Psychopharmacological treatment SSRIs Serotonin was one of the first neurotransmitters to be associated with reduced amygdala output and hence SSRIs have become the main psychopharmacological choice of treatment for PTSD. Sertraline and paroxetine, in particular, have been effective in treating PTSD and are the only SSRIs to be approved by the Food and Drug Administration specifically for PTSD treatment (Antai-Otong, 2007; Dowben, Grant, & Keltner, 2007; Roman, 2010; Sullivan & Neria, 2009). One of the premier and largest studies concerning sertraline and PTSD was performed by Londborg et al. (2001), who conducted a 24-week double-blind placebocontrolled study on subjects who had been treated with sertraline for a 12-week open-label period. It was found that 92% of all subjects who responded positively during the first testing period continued to do so the next 12 weeks. Additionally, 42% of subjects who had not converted during the initial 12-week testing period had positive outcomes during the second half of the testing. Most SSRIs trials, such as in the Davis, Frazier, Williford, and Newell (2006) study, showed that those who responded in the initial 12 weeks, or in short-term treatment, and continued on the SSRI, maintained a positive response. A third of the subjects who did not respond during the short-term treatment phase converted on long-term SSRI management. Further research by Antai-Otong (2007), Corchs et al. (2009), Davis et al. (2006), and Marmar (2009) has shown that SSRIs treat comorbid depression, and their broad spectrum targets PTSD’s three cluster symptoms: re-experiencing, avoidance, and hyperarousal. SSRIs also have high tolerability and relatively low side effects. Yet, while SSRIs offer a foundation upon which to build fur-

ther psychopharmacological treatments, Berger et al.’s (2009) findings indicate that SSRIs’ efficacy rates “rarely exceed 60% and less than 20–30% of the patients achieve full remission” (p. 170).
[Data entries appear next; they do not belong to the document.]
(* Let $G=(V,E,\mu,\omega)$ be a weighted graph with a fixed reference vertex $p\in V$, and suppose there exist constants $D>0$ and $0\le\alpha\le 2$ such that $\mathrm{Deg}(x)\le D\,d(x,p)^{\alpha}$ for all $x\in V$, $x\neq p$. Let $T\in(0,\infty]$. Suppose $u,v\in\mathcal{M}_T$ are both solutions of the wave equation on $(-T,T)\times V$ with the same data $f,g,h$, i.e. $u,v\in C^2_t((-T,T)\times V)$ and for $w\in\{u,v\}$: $$\partial_t^2 w(t,x)-\Delta w(t,x)=f(t,x)\ \ ((t,x)\in(-T,T)\times V),\qquad w(0,x)=g(x),\ \ \partial_t w(0,x)=h(x)\ \ (x\in V),$$ where $f\in C^0_t((-T,T)\times V)$ and $g,h:V\to\mathbb{R}$. Then $u\equiv v$.
   Context: A weighted graph $G=(V,E,\mu,\omega)$ consists of a locally finite, connected, simple, undirected graph $(V,E)$, a symmetric edge weight $\omega:E\to(0,\infty)$, $\{x,y\}\mapsto\omega_{xy}=\omega_{yx}$, and a vertex weight $\mu:V\to(0,\infty)$. Write $x\sim y$ if $\{x,y\}\in E$; $d(x,y)$ is the combinatorial graph distance. The Laplacian is $\Delta f(x)=\sum_{y\sim x}\frac{\omega_{xy}}{\mu_x}(f(y)-f(x))$ for $f:V\to\mathbb{R}$, and the weighted degree is $\mathrm{Deg}(x)=\sum_{y\sim x}\frac{\omega_{xy}}{\mu_x}$. For an interval $I$ and $k\in\mathbb{N}_0\cup\{\infty\}$, $u\in C^k_t(I\times V)$ means $u:I\times V\to\mathbb{R}$ and $u(\cdot,x)\in C^k(I)$ for every $x\in V$; $\Delta$ acts in the space variable. For $T\in(0,\infty]$, $\mathcal{M}_T$ is the class of functions $u:(-T,T)\times V\to\mathbb{R}$ for which there is a constant $C$ with $|u(t,x)|\le C\,d(x,p)^{(2-\alpha)d(x,p)}$ for all $(t,x)\in(-T,T)\times V$, $x\neq p$ (with $\alpha$ the exponent in the degree growth condition). *)

From Stdlib Require Import Reals List.
From Coquelicot Require Import Coquelicot.
Open Scope R_scope.

(* Local finiteness: the neighbours of x are
   exactly the (duplicate-free) finite list [nbrs x]. *)
Inductive walk {V : Type} (nbrs : V -> list V) : nat -> V -> V -> Prop :=
  | walk0 : forall x, walk nbrs 0 x x
  | walkS : forall n x y z, In y (nbrs x) -> walk nbrs n y z -> walk nbrs (S n) x z.

Record wgraph := {
  V : Type;
  nbrs : V -> list V;
  nbrs_nodup : forall x, NoDup (nbrs x);
  nbrs_sym : forall x y, In y (nbrs x) -> In x (nbrs y);
  nbrs_irrefl : forall x, ~ In x (nbrs x);
  connected : forall x y, exists n, walk nbrs n x y;
  omega : V -> V -> R;
  omega_sym : forall x y, In y (nbrs x) -> omega x y = omega y x;
  omega_pos : forall x y, In y (nbrs x) -> 0 < omega x y;
  mu : V -> R;
  mu_pos : forall x, 0 < mu x
}.

Arguments nbrs {_}.
Arguments omega {_}.
Arguments mu {_}.

Definition adj (G : wgraph) (x y : V G) : Prop := In y (nbrs x).

Definition is_dist (G : wgraph) (x y : V G) (n : nat) : Prop :=
  walk nbrs n x y /\ forall m, walk nbrs m x y -> (n <= m)%nat.

Definition Lap (G : wgraph) (f : V G -> R) (x : V G) : R :=
  fold_right Rplus 0 (map (fun y => omega x y / mu x * (f y - f x)) (nbrs x)).

Definition Deg (G : wgraph) (x : V G) : R :=
  fold_right Rplus 0 (map (fun y => omega x y / mu x) (nbrs x)).

Definition inI (T : Rbar) (t : R) : Prop :=
  Rbar_lt (Rbar_opp T) t /\ Rbar_lt t T.

Definition C0t (G : wgraph) (T : Rbar) (u : R -> V G -> R) : Prop :=
  forall x t, inI T t -> continuous (fun s => u s x) t.

Definition C2t (G : wgraph) (T : Rbar) (u : R -> V G -> R) : Prop :=
  forall x t, inI T t ->
    ex_derive (fun s => u s x) t /\
    ex_derive (Derive (fun s => u s x)) t /\
    continuous (Derive_n (fun s => u s x) 2) t.

Definition MT (G : wgraph) (p : V G) (alpha : R) (T : Rbar)
  (u : R -> V G -> R) : Prop :=
  exists C : R, forall t x n, inI T t -> x <> p -> is_dist G x p n ->
    Rabs (u t x) <= C * Rpower (INR n) ((2 - alpha) * INR n).

Definition wave_sol (G : wgraph) (T : Rbar) (f : R -> V G -> R)
  (g h : V G -> R) (w : R -> V G -> R) : Prop :=
  C2t G T w /\
  (forall t x, inI T t ->
     Derive_n (fun s => w s x) 2 t - Lap G (w t) x = f t x) /\
  (forall x, w 0 x = g x) /\
  (forall x, Derive (fun s => w s x) 0 = h x).

(* The difference w = u - v solves the homogeneous equation
   w'' = Delta w with zero Cauchy data at time 0.  Fix a time t and work on the
   segment J between 0 and t, where w obeys a growth bound B (n+1)^((2-alpha)n)
   at every vertex joined to p by a walk of length n.
   1. One-dimensional comparison: if phi(s0) = phi'(s0) = 0 and
      |phi''(r)| <= K (r-s0)^m/m!, then |phi(s)| <= K (s-s0)^(m+2)/(m+2)!.
   2. Since |Delta w(x)| <= 2 Deg(x) max_{y ~ x or y = x} |w(y)| and the walk
      length grows by one per neighbour, iterating (1) k times from a time s0
      with zero data gives |w(s,x)| <= G(n,k) (s-s0)^(2k)/(2k)! with an explicit
      G(n,k) (the walk length n of x is fixed, k is arbitrary).
   3. Since x^m <= m! e^x, this is <= C_n q^k with q < 1 as soon as
      |s - s0| <= tau(D); letting k -> oo gives w(s,.) = 0 there, and then
      also w'(s,.) = 0.
   4. Stepping from 0 by windows of length tau covers J, so w(t,x) = 0.
   The file proves the real-analysis tools, the graph estimates, the abstract
   vanishing result for a homogeneous solution on a segment (Section
   Vanishing), and finally reduces theorem1p2 to it. *)

From Stdlib Require Import Reals List Lra Lia Psatz Classical Factorial.
From Coquelicot Require Import Coquelicot.
Open Scope R_scope.

(** Elementary real analysis *)

Lemma segment_in (a b s0 s r : R) :
  a <= s0 <= b -> a <= s <= b -> Rmin s0 s <= r <= Rmax s0 s -> a <= r <= b.
Proof. unfold Rmin, Rmax; destruct Rle_dec; lra. Qed.

Lemma segment_dist (s0 s r : R) :
  Rmin s0 s <= r <= Rmax s0 s -> Rabs (r - s0) <= Rabs (s - s0).
Proof. unfold Rmin, Rmax, Rabs; destruct Rle_dec; repeat destruct Rcase_abs; lra. Qed.

Lemma segment_sub (s0 s c r : R) :
  Rmin s0 s <= c <= Rmax s0 s -> Rmin s0 c <= r <= Rmax s0 c ->
  Rmin s0 s <= r <= Rmax s0 s.
Proof. unfold Rmin, Rmax; repeat destruct Rle_dec; lra. Qed.

Lemma is_derive_continuity_pt (f : R -> R) (x l : R) :
  is_derive f x l -> continuity_pt f x.
Proof.
  intros Hd; apply continuity_pt_filterlim.
  apply (ex_derive_continuous (K:=R_AbsRing) (V:=R_NormedModule) f).
  now exists l.
Qed.

(* A function with F(s0) = F'(s0) = 0 and F'' >= 0 on [s0,s] is >= 0 at s
   (two applications of the mean value theorem). *)
Lemma convex_nonneg (F F1 F2 : R -> R) (s0 s : R) :
  (forall r, Rmin s0 s <= r <= Rmax s0 s ->
     is_derive F r (F1 r) /\ is_derive F1 r (F2 r) /\ 0 <= F2 r) ->
  F s0 = 0 -> F1 s0 = 0 -> 0 <= F s.
Proof.
  intros H HF HF1.
  destruct (MVT_gen F s0 s F1) as [c [Hc Hmvt]].
  { intros r Hr; apply H; lra. }
  { intros r Hr; apply (is_derive_continuity_pt _ _ (F1 r)), H; auto. }
  destruct (MVT_gen F1 s0 c F2) as [c' [Hc' Hmvt']].
  { intros r Hr; apply H, (segment_sub s0 s c); auto; lra. }
  { intros r Hr; apply (is_derive_continuity_pt _ _ (F2 r)), H.
    now apply (segment_sub s0 s c). }
  assert (HF2 : 0 <= F2 c') by (apply H, (segment_sub s0 s c); auto).
  assert (Hsign : 0 <= (c - s0) * (s - s0))
    by (revert Hc; unfold Rmin, Rmax; destruct Rle_dec; intros; nra).
  rewrite HF in Hmvt; rewrite HF1 in Hmvt'.
  replace (F s) with (F2 c' * ((c - s0) * (s - s0))) by nra.
  now apply Rmult_le_pos.
Qed.

Lemma is_derive_taylor_monomial (K s0 : R) (n : nat) (r : R) :
  is_derive (fun r => K * (r - s0) ^ S n / INR (fact (S n))) r
            (K * (r - s0) ^ n / INR (fact n)).
Proof.
  pose proof (INR_fact_lt_0 n); pose proof (pos_INR n).
  rewrite fact_simpl, mult_INR, S_INR.
  auto_derive; [easy|].
  change (match n with 0%nat => 1 | S _ => INR n + 1 end) with (INR (S n)).
  rewrite S_INR; replace (r + - s0) with (r - s0) by ring.
  field; lra.
Qed.

Lemma taylor_comparison (phi phi1 phi2 : R -> R) (s0 s K : R) (m : nat) :
  (forall r, Rmin s0 s <= r <= Rmax s0 s ->
     is_derive phi r (phi1 r) /\ is_derive phi1 r (phi2 r) /\
     Rabs (phi2 r) <= K * (r - s0) ^ m / INR (fact m)) ->
  phi s0 = 0 -> phi1 s0 = 0 ->
  Rabs (phi s) <= K * (s - s0) ^ S (S m) / INR (fact (S (S m))).
Proof.
  intros H H0 H1.
  set (h := fun n r => K * (r - s0) ^ n / INR (fact n)).
  assert (Dh : forall n r, is_derive (h (S n)) r (h n r))
    by (intros; apply is_derive_taylor_monomial).
  assert (Hh0 : forall n, h (S n) s0 = 0)
    by (intros; unfold h; rewrite Rminus_diag, pow_i by lia; unfold Rdiv; ring).
  assert (Hplus : 0 <= h (S (S m)) s + phi s).
  { apply (convex_nonneg (fun r => h (S (S m)) r + phi r) (fun r => h (S m) r + phi1 r) (fun r => h m r + phi2 r) s0 s).
    - intros r Hr; destruct (H r Hr) as [D1 [D2 B]]; refine (conj _ (conj _ _)).
      + exact (is_derive_plus _ _ _ _ _ (Dh (S m) r) D1).
      + exact (is_derive_plus _ _ _ _ _ (Dh m r) D2).
      + pose proof (Rabs_Ropp (phi2 r)); pose proof (Rle_abs (- phi2 r)).
        unfold h; lra.
    - now rewrite Hh0, H0, Rplus_0_r.
    - now rewrite Hh0, H1, Rplus_0_r. }
  assert (Hminus : 0 <= h (S (S m)) s - phi s).
  { apply (convex_nonneg (fun r => h (S (S m)) r - phi r) (fun r => h (S m) r - phi1 r) (fun r => h m r - phi2 r) s0 s).
    - intros r Hr; destruct (H r Hr) as [D1 [D2 B]]; refine (conj _ (conj _ _)).
      + exact (is_derive_minus _ _ _ _ _ (Dh (S m) r) D1).
      + exact (is_derive_minus _ _ _ _ _ (Dh m r) D2).
      + pose proof (Rle_abs (phi2 r)); unfold h; lra.
    - now rewrite Hh0, H0, Rminus_0_r.
    - now rewrite Hh0, H1, Rminus_0_r. }
  apply Rabs_le; unfold h in *; lra.
Qed.

Lemma even_pow_nonneg (x : R) (k : nat) : 0 <= x ^ (2 * k).
Proof. rewrite pow_mult; apply pow_le; nra. Qed.

Lemma Rpower_mono (b1 b2 e1 e2 : R) :
  1 <= b1 <= b2 -> e1 <= e2 -> 0 <= e2 -> Rpower b1 e1 <= Rpower b2 e2.
Proof.
  intros Hb He He2. apply Rle_trans with (Rpower b1 e2).
  - now apply Rle_Rpower.
  - apply Rle_Rpower_l; lra.
Qed.

Lemma Rpower_ge_1 (b e : R) : 1 <= b -> 0 <= e -> 1 <= Rpower b e.
Proof.
  intros Hb He. rewrite <- (Rpower_O b) at 1 by lra. now apply Rle_Rpower.
Qed.

Lemma exp_mult_INR (a : R) (m : nat) : exp (INR m * a) = exp a ^ m.
Proof.
  induction m as [|m IH].
  - now rewrite Rmult_0_l, exp_0.
  - now rewrite S_INR, Rmult_plus_distr_r, Rmult_1_l, exp_plus, IH, Rmult_comm.
Qed.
Propranolol The minimally effective results of SSRIs have urged researchers to examine the neurotransmission pathways associated with memory formation and consolidation. There is evidence that the primary transmission of stress hormones to the BLA for event encoding occurs via the β-adrenergic neurotransmission route (Mirkes, 2010; Pitman & Delahanty, 2005). This makes propranolol, a β-adrenergic inhibitor, a prime candidate for blocking or severely diminishing transmission of stress hormones to the amygdala, limiting traumatic memory. Chamberlain et al. (2006), as well as Pitman et al. (2002), along with other researchers have recognized that what separates propranolol from other beta blockers, such as nadolol, is its high lipophilic nature that allows propranolol to cross the blood–brain barrier. In multiple studies, propranolol has been shown to offer “secondary prevention” through inhibition of the overconsolidation of fear-based memories in the direct wake of a traumatic event (Bell, 2008). Vaiva et al. (2003) explained that “traumatic events are hypothesized to be followed by a critical period of increased brain plasticity, during which long lasting neuronal changes may occur in those who develop traumatic stress disorders” (p. 949). Pitman et al. (2002) and Vaiva et al. (2003) performed studies producing evidence supporting the hypothesis that the administration of propranolol soon after a traumatic event would block the flooding of the β-adrenergic receptors and prevent formation of PTSD symptoms and further mitigate emotional trauma.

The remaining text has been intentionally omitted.